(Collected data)
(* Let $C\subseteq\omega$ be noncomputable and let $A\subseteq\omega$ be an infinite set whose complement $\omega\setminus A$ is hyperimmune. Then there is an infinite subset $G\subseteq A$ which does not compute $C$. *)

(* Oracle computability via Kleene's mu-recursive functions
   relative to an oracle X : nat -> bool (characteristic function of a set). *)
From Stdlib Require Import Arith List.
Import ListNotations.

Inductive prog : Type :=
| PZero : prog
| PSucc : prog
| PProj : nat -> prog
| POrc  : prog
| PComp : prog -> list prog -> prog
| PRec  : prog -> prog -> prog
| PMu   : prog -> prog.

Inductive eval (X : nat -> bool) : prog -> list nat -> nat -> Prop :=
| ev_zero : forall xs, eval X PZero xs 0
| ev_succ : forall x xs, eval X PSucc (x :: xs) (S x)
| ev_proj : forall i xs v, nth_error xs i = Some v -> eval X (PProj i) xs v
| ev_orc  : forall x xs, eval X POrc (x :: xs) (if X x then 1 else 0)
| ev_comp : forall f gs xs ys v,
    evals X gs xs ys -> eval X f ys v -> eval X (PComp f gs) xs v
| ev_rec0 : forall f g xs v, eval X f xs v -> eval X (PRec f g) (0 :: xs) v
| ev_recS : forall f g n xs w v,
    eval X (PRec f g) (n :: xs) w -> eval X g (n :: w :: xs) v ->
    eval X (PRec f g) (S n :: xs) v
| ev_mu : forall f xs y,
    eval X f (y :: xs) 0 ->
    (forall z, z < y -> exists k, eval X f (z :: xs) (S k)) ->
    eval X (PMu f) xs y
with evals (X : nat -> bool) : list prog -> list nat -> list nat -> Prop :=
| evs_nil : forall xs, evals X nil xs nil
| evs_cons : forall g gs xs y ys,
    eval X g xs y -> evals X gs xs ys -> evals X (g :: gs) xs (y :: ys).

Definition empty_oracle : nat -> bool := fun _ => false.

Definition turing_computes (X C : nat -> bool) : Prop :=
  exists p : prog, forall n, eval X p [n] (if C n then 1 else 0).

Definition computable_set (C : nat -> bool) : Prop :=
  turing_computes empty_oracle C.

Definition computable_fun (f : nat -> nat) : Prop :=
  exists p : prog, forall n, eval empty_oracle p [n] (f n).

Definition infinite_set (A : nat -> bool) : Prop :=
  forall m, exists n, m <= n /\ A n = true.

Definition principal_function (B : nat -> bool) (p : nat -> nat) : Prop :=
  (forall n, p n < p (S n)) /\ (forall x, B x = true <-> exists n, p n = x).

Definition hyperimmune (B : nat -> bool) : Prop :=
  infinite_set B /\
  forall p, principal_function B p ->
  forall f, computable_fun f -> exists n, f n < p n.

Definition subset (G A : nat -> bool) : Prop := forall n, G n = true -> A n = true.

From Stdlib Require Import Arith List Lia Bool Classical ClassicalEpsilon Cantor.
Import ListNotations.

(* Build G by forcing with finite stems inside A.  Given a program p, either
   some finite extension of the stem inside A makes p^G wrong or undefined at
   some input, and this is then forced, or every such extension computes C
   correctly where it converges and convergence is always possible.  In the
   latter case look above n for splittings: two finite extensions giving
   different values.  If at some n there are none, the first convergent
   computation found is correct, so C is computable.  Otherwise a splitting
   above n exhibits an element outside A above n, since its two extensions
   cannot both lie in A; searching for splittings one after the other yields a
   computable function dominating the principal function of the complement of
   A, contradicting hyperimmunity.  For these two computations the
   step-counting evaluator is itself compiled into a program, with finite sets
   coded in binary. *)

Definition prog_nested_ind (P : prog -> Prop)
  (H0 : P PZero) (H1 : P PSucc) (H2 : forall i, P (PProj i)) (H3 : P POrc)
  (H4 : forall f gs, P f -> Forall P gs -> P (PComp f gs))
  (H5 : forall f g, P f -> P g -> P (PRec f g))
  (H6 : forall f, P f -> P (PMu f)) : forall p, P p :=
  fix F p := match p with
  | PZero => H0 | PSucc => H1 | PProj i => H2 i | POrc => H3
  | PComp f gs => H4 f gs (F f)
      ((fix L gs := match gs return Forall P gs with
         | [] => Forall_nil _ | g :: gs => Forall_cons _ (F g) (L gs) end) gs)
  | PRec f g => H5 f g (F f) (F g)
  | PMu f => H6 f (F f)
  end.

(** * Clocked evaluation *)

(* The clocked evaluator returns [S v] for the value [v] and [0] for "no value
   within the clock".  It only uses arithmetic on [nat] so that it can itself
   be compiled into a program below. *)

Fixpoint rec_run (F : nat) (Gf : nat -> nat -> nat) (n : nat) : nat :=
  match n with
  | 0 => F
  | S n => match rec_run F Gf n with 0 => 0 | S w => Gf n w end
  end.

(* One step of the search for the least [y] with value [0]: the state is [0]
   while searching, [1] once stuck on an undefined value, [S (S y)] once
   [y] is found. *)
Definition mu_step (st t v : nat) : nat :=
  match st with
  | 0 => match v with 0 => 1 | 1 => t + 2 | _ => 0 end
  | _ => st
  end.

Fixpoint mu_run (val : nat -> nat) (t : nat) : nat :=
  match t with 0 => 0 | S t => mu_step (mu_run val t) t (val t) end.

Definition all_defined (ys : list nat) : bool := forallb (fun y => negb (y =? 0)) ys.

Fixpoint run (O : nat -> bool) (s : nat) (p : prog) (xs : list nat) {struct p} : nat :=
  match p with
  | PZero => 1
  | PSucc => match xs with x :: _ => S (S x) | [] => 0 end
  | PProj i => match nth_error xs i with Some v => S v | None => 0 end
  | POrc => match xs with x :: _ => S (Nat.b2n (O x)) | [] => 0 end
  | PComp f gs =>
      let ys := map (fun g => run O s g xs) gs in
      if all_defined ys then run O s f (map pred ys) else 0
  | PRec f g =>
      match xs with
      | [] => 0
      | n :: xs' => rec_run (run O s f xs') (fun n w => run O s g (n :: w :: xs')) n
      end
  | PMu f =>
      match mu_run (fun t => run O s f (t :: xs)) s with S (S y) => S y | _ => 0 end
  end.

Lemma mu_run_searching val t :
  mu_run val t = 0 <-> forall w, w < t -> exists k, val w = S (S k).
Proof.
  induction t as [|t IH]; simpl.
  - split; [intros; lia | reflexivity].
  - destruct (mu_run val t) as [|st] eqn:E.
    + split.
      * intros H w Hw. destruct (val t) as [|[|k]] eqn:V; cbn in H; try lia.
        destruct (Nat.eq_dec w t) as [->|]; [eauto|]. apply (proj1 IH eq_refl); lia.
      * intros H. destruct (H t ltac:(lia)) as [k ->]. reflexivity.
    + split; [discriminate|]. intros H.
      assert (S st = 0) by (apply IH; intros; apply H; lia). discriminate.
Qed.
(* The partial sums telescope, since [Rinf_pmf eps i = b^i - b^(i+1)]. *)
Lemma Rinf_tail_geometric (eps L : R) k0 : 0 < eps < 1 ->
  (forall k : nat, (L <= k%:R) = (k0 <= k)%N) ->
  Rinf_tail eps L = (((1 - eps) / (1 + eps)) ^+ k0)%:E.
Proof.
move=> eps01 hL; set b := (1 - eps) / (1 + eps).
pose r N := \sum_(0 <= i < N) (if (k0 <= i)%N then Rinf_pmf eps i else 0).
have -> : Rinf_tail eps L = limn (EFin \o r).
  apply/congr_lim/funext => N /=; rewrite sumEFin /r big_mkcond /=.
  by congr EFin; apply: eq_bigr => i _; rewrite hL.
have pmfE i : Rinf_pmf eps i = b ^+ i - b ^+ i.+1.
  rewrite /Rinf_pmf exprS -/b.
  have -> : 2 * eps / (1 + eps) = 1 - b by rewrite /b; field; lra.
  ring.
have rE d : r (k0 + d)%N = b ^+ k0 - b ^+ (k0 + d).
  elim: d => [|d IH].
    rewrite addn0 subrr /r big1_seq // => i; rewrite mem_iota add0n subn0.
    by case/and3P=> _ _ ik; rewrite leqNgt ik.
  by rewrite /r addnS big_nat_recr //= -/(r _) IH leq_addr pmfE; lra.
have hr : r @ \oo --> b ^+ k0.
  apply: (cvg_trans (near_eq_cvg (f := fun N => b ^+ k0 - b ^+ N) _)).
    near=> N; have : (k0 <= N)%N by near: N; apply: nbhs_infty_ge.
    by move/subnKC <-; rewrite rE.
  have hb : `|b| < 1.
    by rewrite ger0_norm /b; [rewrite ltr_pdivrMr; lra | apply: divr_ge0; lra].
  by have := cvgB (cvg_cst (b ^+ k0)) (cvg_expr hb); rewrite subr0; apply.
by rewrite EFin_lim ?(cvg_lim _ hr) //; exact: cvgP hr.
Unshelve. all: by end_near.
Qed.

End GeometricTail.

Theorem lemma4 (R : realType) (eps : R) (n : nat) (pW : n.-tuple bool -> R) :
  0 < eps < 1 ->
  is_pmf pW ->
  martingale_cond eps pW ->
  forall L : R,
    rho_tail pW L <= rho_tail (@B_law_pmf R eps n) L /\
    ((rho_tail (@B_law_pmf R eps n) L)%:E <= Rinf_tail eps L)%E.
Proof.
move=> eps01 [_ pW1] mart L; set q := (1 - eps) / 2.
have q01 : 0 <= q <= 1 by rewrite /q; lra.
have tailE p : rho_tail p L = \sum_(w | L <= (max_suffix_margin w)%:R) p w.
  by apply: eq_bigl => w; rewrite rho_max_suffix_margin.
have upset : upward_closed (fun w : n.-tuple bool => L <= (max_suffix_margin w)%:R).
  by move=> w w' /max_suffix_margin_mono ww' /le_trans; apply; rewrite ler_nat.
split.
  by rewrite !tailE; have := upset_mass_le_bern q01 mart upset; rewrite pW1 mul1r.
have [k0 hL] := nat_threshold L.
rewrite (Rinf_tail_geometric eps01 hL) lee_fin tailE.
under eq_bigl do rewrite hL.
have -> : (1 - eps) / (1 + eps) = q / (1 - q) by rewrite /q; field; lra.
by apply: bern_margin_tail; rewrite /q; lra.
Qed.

**Work instruction**.
All that is needed is the exact run of lines above from the line containing "computation found is" through the line containing "cannot both lie", both of them included.

**Exercise solution**.
   computation found is correct, so C is computable.  Otherwise a splitting
   above n exhibits an element outside A above n, since its two extensions
   cannot both lie in A; searching for splittings one after the other yields a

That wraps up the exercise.